马少波气得浑身发抖,可事已至此,他也没有办法。

枪声停歇,火枪手开始重新装填。

杨炯趁机从木箱后冲出,如猛虎般扑入敌群。他专挑火枪手杀,钢刀过处,又是三人毙命。

澹台灵官则如鬼魅般在人群中穿梭,辟闾剑每一次挥出,必有一人倒地。她刻意将战团引向火枪队方向,逼得对方不敢再胡乱开枪。

马少波见此,知道不能再脱,怒吼一声:“取我弓来!”

亲兵立时递上一张铁胎弓,弓身漆黑,弦是上等牛筋所制。

马少波年轻时以膂力过人着称,能开三石硬弓,百步穿杨。如今年纪大了,膂力虽不如前,可开两石弓依然不在话下。

他搭箭上弦,眯起左眼,瞄准战团中的澹台灵官。

此刻澹台灵官正被十余名士兵缠住,背对马少波方向。她全神贯注应对眼前之敌,浑然不觉危险将至。

马少波屏住呼吸,弓弦缓缓拉开。

这张弓需两百斤力气方能满弦,他双臂肌肉贲张,弓身弯曲如满月。

箭尖微微调整,瞄准的不是澹台灵官,而是她身前一名士兵的后心。

马少波算得很准,这一箭若能射穿那士兵,余力足以洞穿澹台灵官。

就算射不穿,也能重伤。

“嗖!”

弓弦震动,箭矢破空而出。

这一箭快如流星,携风雷之势,直射战团。

杨炯一直在留意四周动静。他久经战阵,深知冷箭最是防不胜防,故始终分出一分心神关注远处将领。

马少波搭弓时,他便已察觉。

箭矢离弦的刹那,杨炯瞳孔骤缩。

“小心!”

他暴喝一声,不顾身前劈来的两刀,身形如电般扑向澹台灵官。

那两刀砍在他背上,深可见骨,鲜血喷溅。

可杨炯恍若未觉,一把将澹台灵官推开。

“噗!”

箭矢飞至。

先穿透那士兵后心,自前胸穿出,余势不减,直射杨炯左肩。

“嗤!”

箭尖入肉,透体而出。

巨大的冲击力带着杨炯向后倒飞,“砰”的一声撞在船身上。箭杆颤动不休,鲜血顺着箭杆汩汩涌出。

“呃……”杨炯闷哼一声,脸色瞬间惨白。

他钢牙咬碎,右手钢刀一挥,将身前箭杆斩断。

又反手抓住肩后箭杆,用力一拔。

“噗!”

箭杆带着血肉拔出,鲜血如泉喷涌。

杨炯踉跄数步,以刀拄地方才站稳。

抬头看向澹台灵官,想说什么,却喉头一甜,“哇”地喷出一大口鲜血。

这一切发生得太快。

从杨炯扑出,到中箭倒地,不过呼吸之间。

澹台灵官被杨炯推开时,还未明白发生了什么。

待她站稳身形,回头看去,便见杨炯肩头插着一支箭矢,鲜血染红半边身子。

然后,杨炯拔箭,喷血。

鲜血如雨点般溅出,有几滴正落在澹台灵官脸上。

温热。

澹台灵官瞬间怔在了原地。

她下意识抬手,摸了摸脸颊。
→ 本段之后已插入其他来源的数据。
(* Let $H$ be a real Hilbert space, $f:H\to\mathbb{R}\cup\{+\infty\}$ a proper lower semicontinuous function and $\bar x\in\operatorname{dom}f$ with $0\in\partial_pf(\bar x)$. Suppose that $\operatorname{qri}\big(N_M(\operatorname{gph}\partial_pf,(\bar x,0))\big)\ne\emptyset$ and $$\operatorname{qri}\big(\operatorname{dom}\partial^2_Mf(\bar x,0)\big)\subset-\operatorname{sqri}\big(\operatorname{dom}D^2_Mf(\bar x,0)\big).$$ Then if $f$ satisfies the second-order optimality condition of the second kind at $\bar x$, it satisfies the second-order optimality condition of the third kind at $\bar x$.
   Context: $S_H$ is the unit sphere of $H$; weak convergence is denoted $\stackrel{w}{\to}$. Proximal subdifferential: $\zeta\in\partial_p f(x)$ iff there exist $\sigma,\delta>0$ with $f(y)\ge f(x)+\langle\zeta,y-x\rangle-\frac{\sigma}{2}\|y-x\|^2$ whenever $\|y-x\|<\delta$. Mixed contingent cone: $(h,z)\in T_M(\operatorname{gph}\partial_pf,(\bar x,p))$ iff there exist $t_n\to0^+$, $h_n\to h$ in norm, $z_n\stackrel{w}{\to}z$ with $p+t_nz_n\in\partial_pf(\bar x+t_nh_n)$ for all $n$. $D^2_Mf(\bar x,p)(h):=\{z:(h,z)\in T_M(\operatorname{gph}\partial_pf,(\bar x,p))\}$. $N_M(\operatorname{gph}\partial_pf,(\bar x,p)):=\{(a,b):\langle a,h\rangle+\langle b,z\rangle\le0\ \forall(h,z)\in T_M(\operatorname{gph}\partial_pf,(\bar x,p))\}$; $\partial^2_Mf(\bar x,p)(h):=\{z:(z,-h)\in N_M(\operatorname{gph}\partial_pf,(\bar x,p))\}$. For a set-valued map $G$, $\operatorname{dom}G=\{h:G(h)\ne\emptyset\}$. $\operatorname{qri}A:=\{x\in A:\overline{\operatorname{cone}}(A-x)\text{ is a linear subspace}\}$, $\operatorname{sqri}A:=\{x\in A:\operatorname{cone}(A-x)\text{ is a closed linear subspace}\}$. Second kind condition at $\bar x$: $\exists\beta>0$ such that for every $h\in\operatorname{dom}D^2_Mf(\bar x,0)\cap S_H$ there is $z\in D^2_Mf(\bar x,0)(h)$ with $\langle z,h\rangle\ge\beta$. Third kind condition: $\exists\beta>0$ such that $\langle z,h\rangle\ge\beta$ for all $h\in S_H\cap\operatorname{dom}\partial^2_Mf(\bar x,0)$ and all $z\in\partial^2_Mf(\bar x,0)(h)$. *)

From Stdlib Require Import Reals Lra.
Open Scope R_scope.

Record Hilbert := mkHilbert {
  hcar :> Type;
  hzero : hcar;
  hadd : hcar -> hcar -> hcar;
  hopp : hcar -> hcar;
  hscal : R -> hcar -> hcar;
  hinner : hcar -> hcar -> R;
  hadd_assoc : forall x y z, hadd x (hadd y z) = hadd (hadd x y) z;
  hadd_comm : forall x y, hadd x y = hadd y x;
  hadd_0_l : forall x, hadd hzero x = x;
  hadd_opp_r : forall x, hadd x (hopp x) = hzero;
  hscal_assoc : forall a b x, hscal a (hscal b x) = hscal (a * b) x;
  hscal_1 : forall x, hscal 1 x = x;
  hscal_distr_l : forall a x y, hscal a (hadd x y) = hadd (hscal a x) (hscal a y);
  hscal_distr_r : forall a b x, hscal (a + b) x = hadd (hscal a x) (hscal b x);
  hinner_sym : forall x y, hinner x y = hinner y x;
  hinner_add_l : forall x y z, hinner (hadd x y) z = hinner x z + hinner y z;
  hinner_scal_l : forall a x y, hinner (hscal a x) y = a * hinner x y;
  hinner_pos : forall x, 0 <= hinner x x;
  hinner_def : forall x, hinner x x = 0 -> x = hzero;
  hcomplete : forall u : nat -> hcar,
    (forall eps, 0 < eps -> exists N, forall m n, (N <= m)%nat -> (N <= n)%nat ->
        hinner (hadd (u m) (hopp (u n))) (hadd (u m) (hopp (u n))) < eps) ->
    exists l, forall eps, 0 < eps -> exists N, forall n, (N <= n)%nat ->
        hinner (hadd (u n) (hopp l)) (hadd (u n) (hopp l)) < eps
}.

Arguments hzero {h}.
Arguments hadd {h}.
Arguments hopp {h}.
Arguments hscal {h}.
Arguments hinner {h}.

Section HilbertDefs.
Variable H : Hilbert.

Definition hsub (x y : H) : H := hadd x (hopp y).
Definition hnorm (x : H) : R := sqrt (hinner x x).

Definition unit_sphere (h : H) : Prop := hnorm h = 1.

Definition cv_norm (u : nat -> H) (l : H) : Prop :=
  forall eps, 0 < eps -> exists N, forall n, (N <= n)%nat -> hnorm (hsub (u n) l) < eps.
Definition cv_weak (u : nat -> H) (l : H) : Prop :=
  forall w : H, Un_cv (fun n => hinner (u n) w) (hinner l w).

(** extended-real-valued functions H -> R ∪ {+∞}: None stands for +∞ *)
Definition ext_lt (r : R) (v : option R) : Prop :=
  match v with None => True | Some a => r < a end.
Definition ext_ge (v : option R) (r : R) : Prop :=
  match v with None => True | Some a => r <= a end.

Definition in_dom (f : H -> option R) (x : H) : Prop := exists a, f x = Some a.
Definition proper (f : H -> option R) : Prop := exists x, in_dom f x.
Definition lsc (f : H -> option R) : Prop :=
  forall x r, ext_lt r (f x) ->
    exists delta, 0 < delta /\ forall y, hnorm (hsub y x) < delta -> ext_lt r (f y).

Definition prox_subdiff (f : H -> option R) (x zeta : H) : Prop :=
  exists a, f x = Some a /\
  exists sigma delta, 0 < sigma /\ 0 < delta /\
    forall y, hnorm (hsub y x) < delta ->
      ext_ge (f y) (a + hinner zeta (hsub y x)
                     - sigma / 2 * (hnorm (hsub y x)) ^ 2).

(** mixed contingent cone to gph ∂_p f at (xb, p) *)
Definition T_M (f : H -> option R) (xb p : H) (hz : H * H) : Prop :=
  exists (t : nat -> R) (hn zn : nat -> H),
    (forall n, 0 < t n) /\ Un_cv t 0 /\
    cv_norm hn (fst hz) /\ cv_weak zn (snd hz) /\
    forall n, prox_subdiff f (hadd xb (hscal (t n) (hn n)))
                             (hadd p (hscal (t n) (zn n))).

Definition D2M (f : H -> option R) (xb p h z : H) : Prop := T_M f xb p (h, z).

Definition N_M (f : H -> option R) (xb p : H) (ab : H * H) : Prop :=
  forall hz, T_M f xb p hz ->
    hinner (fst ab) (fst hz) + hinner (snd ab) (snd hz) <= 0.

Definition d2M (f : H -> option R) (xb p h z : H) : Prop :=
  N_M f xb p (z, hopp h).

Definition sv_dom (G : H -> H -> Prop) (h : H) : Prop := exists z, G h z.

Definition cone_of (A : H -> Prop) (v : H) : Prop :=
  exists t a, 0 <= t /\ A a /\ v = hscal t a.
Definition shift (A : H -> Prop) (x : H) (v : H) : Prop :=
  exists a, A a /\ v = hsub a x.
Definition closure (A : H -> Prop) (v : H) : Prop :=
  forall eps, 0 < eps -> exists w, A w /\ hnorm (hsub v w) < eps.
Definition is_closed (A : H -> Prop) : Prop := forall v, closure A v -> A v.
Definition lin_subspace (A : H -> Prop) : Prop :=
  A hzero /\ (forall x y, A x -> A y -> A (hadd x y)) /\
  (forall t x, A x -> A (hscal t x)).
Definition qri (A : H -> Prop) (x : H) : Prop :=
  A x /\ lin_subspace (closure (cone_of (shift A x))).
Definition sqri (A : H -> Prop) (x : H) : Prop :=
  A x /\ is_closed (cone_of (shift A x)) /\ lin_subspace (cone_of (shift A x)).

Definition padd (u v : H * H) : H * H := (hadd (fst u) (fst v), hadd (snd u) (snd v)).
Definition pscal (t : R) (u : H * H) : H * H := (hscal t (fst u), hscal t (snd u)).
Definition psub (u v : H * H) : H * H := (hsub (fst u) (fst v), hsub (snd u) (snd v)).
Definition pzero : H * H := (hzero, hzero).
Definition cone_of2 (A : H * H -> Prop) (v : H * H) : Prop :=
  exists t a, 0 <= t /\ A a /\ v = pscal t a.
Definition shift2 (A : H * H -> Prop) (x : H * H) (v : H * H) : Prop :=
  exists a, A a /\ v = psub a x.
Definition closure2 (A : H * H -> Prop) (v : H * H) : Prop :=
  forall eps, 0 < eps -> exists w, A w /\
    hnorm (hsub (fst v) (fst w)) < eps /\ hnorm (hsub (snd v) (snd w)) < eps.
Definition lin_subspace2 (A : H * H -> Prop) : Prop :=
  A pzero /\ (forall x y, A x -> A y -> A (padd x y)) /\
  (forall t x, A x -> A (pscal t x)).
Definition qri2 (A : H * H -> Prop) (x : H * H) : Prop :=
  A x /\ lin_subspace2 (closure2 (cone_of2 (shift2 A x))).

Definition second_kind (f : H -> option R) (xb : H) : Prop :=
  exists beta, 0 < beta /\
    forall h, sv_dom (D2M f xb hzero) h -> unit_sphere h ->
      exists z, D2M f xb hzero h z /\ beta <= hinner z h.
Definition third_kind (f : H -> option R) (xb : H) : Prop :=
  exists beta, 0 < beta /\
    forall h z, unit_sphere h -> sv_dom (d2M f xb hzero) h ->
      d2M f xb hzero h z -> beta <= hinner z h.

End HilbertDefs.

(* Fix the second-kind constant beta, a unit vector h with (z, -h) in N_M and a
   point (a, b) of qri N_M.  For lam > 0 the vector h - lam b lies in qri of the
   convex cone dom d2M (the image of N_M under (z, w) |-> -w), so by the
   inclusion hypothesis -(h - lam b) lies in dom D2M.  Since (z + lam a, -(h - lam b))
   is in the polar N_M of the cone T_M and D2M is positively homogeneous, the
   second-kind condition gives
     beta |h - lam b|^2 <= <z + lam a, h - lam b>,
   and letting lam -> 0 yields beta <= <z, h>. *)

From Stdlib Require Import Reals Lra Psatz.
Open Scope R_scope.

Section HilbertBasics.
Variable H : Hilbert.

Lemma hadd_0_r (x : H) : hadd x hzero = x.
Proof. rewrite hadd_comm. apply hadd_0_l. Qed.

Lemma hinner_0_l (y : H) : hinner (@hzero H) y = 0.
Proof.
  assert (E := hinner_add_l H hzero hzero y). rewrite hadd_0_l in E. lra.
Qed.

Lemma hinner_opp_l (x y : H) : hinner (hopp x) y = - hinner x y.
Proof.
  assert (E := hinner_add_l H x (hopp x) y).
  rewrite hadd_opp_r, hinner_0_l in E. lra.
Qed.

Lemma hinner_ext (u v : H) : (forall w, hinner u w = hinner v w) -> u = v.
Proof.
  intros Huv.
  assert (Hd : hadd u (hopp v) = hzero).
  { apply hinner_def. rewrite hinner_add_l, hinner_opp_l, (Huv (hadd u (hopp v))). ring. }
  rewrite <- (hadd_0_r u), <- (hadd_opp_r H v), (hadd_comm H v), hadd_assoc, Hd.
  apply hadd_0_l.
Qed.

End HilbertBasics.

(* Vector identities are proved by testing against an arbitrary vector. *)
Ltac inner_expand := repeat (first [rewrite hinner_add_l | rewrite hinner_scal_l
   | rewrite hinner_opp_l | rewrite hinner_0_l]).
Ltac vec_ring := apply hinner_ext; intro; unfold hsub; inner_expand; ring.
Ltac vec_field := apply hinner_ext; intro; unfold hsub; inner_expand; field.

Section HilbertNorm.
Variable H : Hilbert.

Lemma hinner_add_r (x y z : H) : hinner x (hadd y z) = hinner x y + hinner x z.
Proof. rewrite !(hinner_sym H x). apply hinner_add_l. Qed.

Lemma hinner_scal_r a (x y : H) : hinner x (hscal a y) = a * hinner x y.
Proof. rewrite !(hinner_sym H x). apply hinner_scal_l. Qed.

Lemma hinner_opp_r (x y : H) : hinner x (hopp y) = - hinner x y.
Proof. rewrite !(hinner_sym H x). apply hinner_opp_l. Qed.

Lemma hinner_0_r (x : H) : hinner x hzero = 0.
Proof. rewrite (hinner_sym H x). apply hinner_0_l. Qed.

Lemma hnorm_ge0 (x : H) : 0 <= hnorm H x.
Proof. apply sqrt_pos. Qed.

Lemma hnorm_sqr (x : H) : hnorm H x * hnorm H x = hinner x x.
Proof. apply sqrt_sqrt, hinner_pos. Qed.

Lemma hnorm_scal t (x : H) : hnorm H (hscal t x) = Rabs t * hnorm H x.
Proof.
  unfold hnorm. rewrite hinner_scal_l, hinner_scal_r.
  replace (t * (t * hinner x x)) with (Rsqr t * hinner x x) by (unfold Rsqr; ring).
  rewrite sqrt_mult by (apply Rle_0_sqr || apply hinner_pos).
  rewrite sqrt_Rsqr_abs. reflexivity.
Qed.

Lemma hnorm_opp (x : H) : hnorm H (hopp x) = hnorm H x.
Proof.
  replace (hopp x) with (hscal (-1) x) by vec_ring.
  rewrite hnorm_scal, Rabs_left by lra. ring.
Qed.

Lemma hnorm_sub_diag (v : H) : hnorm H (hsub H v v) = 0.
Proof.
  replace (hsub H v v) with (@hzero H) by vec_ring.
  unfold hnorm. rewrite hinner_0_l. apply sqrt_0.
Qed.

Lemma cauchy_schwarz (x y : H) : Rabs (hinner x y) <= hnorm H x * hnorm H y.
Proof.
  destruct (Req_dec (hinner y y) 0) as [Hy0|Hy0].
  - apply hinner_def in Hy0. subst y. rewrite hinner_0_r, Rabs_R0.
    apply Rmult_le_pos; apply hnorm_ge0.
  - assert (Hy : 0 < hinner y y) by (pose proof (hinner_pos H y); lra).
    set (p := hinner x y).
    (* nonnegativity of |x + t y|^2 at the minimizing t *)
    set (t := - p / hinner y y).
    assert (Q := hinner_pos H (hadd x (hscal t y))).
    rewrite hinner_add_l, !hinner_add_r, !hinner_scal_l, !hinner_scal_r,
      (hinner_sym H y x) in Q. fold p in Q.
    replace (hinner x x + t * p + (t * p + t * (t * hinner y y)))
      with ((hinner x x * hinner y y - p * p) / hinner y y) in Q
      by (unfold t; field; lra).
    assert (Hn : 0 <= hinner x x * hinner y y - p * p).
    { apply Rmult_le_reg_r with (/ hinner y y); [apply Rinv_0_lt_compat; lra|].
      rewrite Rmult_0_l. exact Q. }
    rewrite <- sqrt_Rsqr_abs. unfold hnorm. rewrite <- sqrt_mult_alt by apply hinner_pos.
    apply sqrt_le_1_alt. unfold Rsqr. lra.
Qed.

Lemma hnorm_triangle (x y : H) : hnorm H (hadd x y) <= hnorm H x + hnorm H y.
Proof.
  pose proof (cauchy_schwarz x y). pose proof (Rle_abs (hinner x y)).
  pose proof (hnorm_ge0 x). pose proof (hnorm_ge0 y).
  pose proof (hnorm_sqr x). pose proof (hnorm_sqr y).
  unfold hnorm at 1.
  rewrite <- (sqrt_square (hnorm H x + hnorm H y)) by lra.
  apply sqrt_le_1_alt.
  rewrite hinner_add_l, !hinner_add_r, (hinner_sym H y x). nra.
Qed.

End HilbertNorm.

Section Closure.
Variable H : Hilbert.

Definition convex_cone (A : H -> Prop) : Prop :=
  A hzero /\ (forall x y, A x -> A y -> A (hadd x y)) /\
  (forall t x, 0 <= t -> A x -> A (hscal t x)).

Lemma subset_closure (A : H -> Prop) v : A v -> closure H A v.
Proof. intros Av eps He. exists v. rewrite hnorm_sub_diag. auto. Qed.

Lemma closure_monotone (A B : H -> Prop) : (forall v, A v -> B v) ->
  forall v, closure H A v -> closure H B v.
Proof. intros AB v Hv eps He. destruct (Hv eps He) as [w [Aw Hw]]. eauto. Qed.

Lemma closure_closure (A : H -> Prop) v : closure H (closure H A) v -> closure H A v.
Proof.
  intros Hv eps He.
  destruct (Hv (eps/2)) as [w1 [C1 N1]]; [lra|].
  destruct (C1 (eps/2)) as [w2 [A2 N2]]; [lra|].
  exists w2. split; auto.
  replace (hsub H v w2) with (hadd (hsub H v w1) (hsub H w1 w2)) by vec_ring.
  pose proof (hnorm_triangle H (hsub H v w1) (hsub H w1 w2)). lra.
Qed.

Lemma closure_add (A : H -> Prop) : (forall x y, A x -> A y -> A (hadd x y)) ->
  forall u v, closure H A u -> closure H A v -> closure H A (hadd u v).
Proof.
  intros Aadd u v Hu Hv eps He.
  destruct (Hu (eps/2)) as [w1 [A1 N1]]; [lra|].
  destruct (Hv (eps/2)) as [w2 [A2 N2]]; [lra|].
  exists (hadd w1 w2). split; auto.
  replace (hsub H (hadd u v) (hadd w1 w2)) with (hadd (hsub H u w1) (hsub H v w2))
    by vec_ring.
  pose proof (hnorm_triangle H (hsub H u w1) (hsub H v w2)). lra.
Qed.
指尖触到那抹温热,凑到眼前,是刺目的红。

这一刻,时间仿佛凝固。

周围喊杀声、金铁交击声、惨叫声,全都远去。

澹台灵官眼中只有杨炯摇摇欲坠的身影,耳中只有自己越来越快的心跳。

“砰、砰、砰……”

那颗修炼绝情道二十余年、始终平静如古井的心,此刻竟如擂鼓般狂跳。

一种陌生的感觉涌上心头。

不是怒,不是哀,不是惧,可就是有种空空的感觉,没着没落。

澹台灵官不知道该怎么办。

二十多年来,她学的是剑法,修的是道心,追求的是超然物外、太上忘情。

师父从未教过她,当有人为你挡箭,当那人的血溅到你脸上时,你该作何反应。

澹台灵官只是觉得,心仿佛悬在了半空,好疼。

比当年练剑时走火入魔还疼,比被师父责罚还疼,比……比糖糕碎了还疼。

澹台灵官下意识地冲上前,扶住杨炯摇摇欲坠的身子。

她的手在抖,声音也在抖:“你……你……”

却说不出完整的话。

杨炯转头看向她,见她脸上沾着自己的血,那双永远平静无波的眼眸中,此刻竟满是慌乱与无措。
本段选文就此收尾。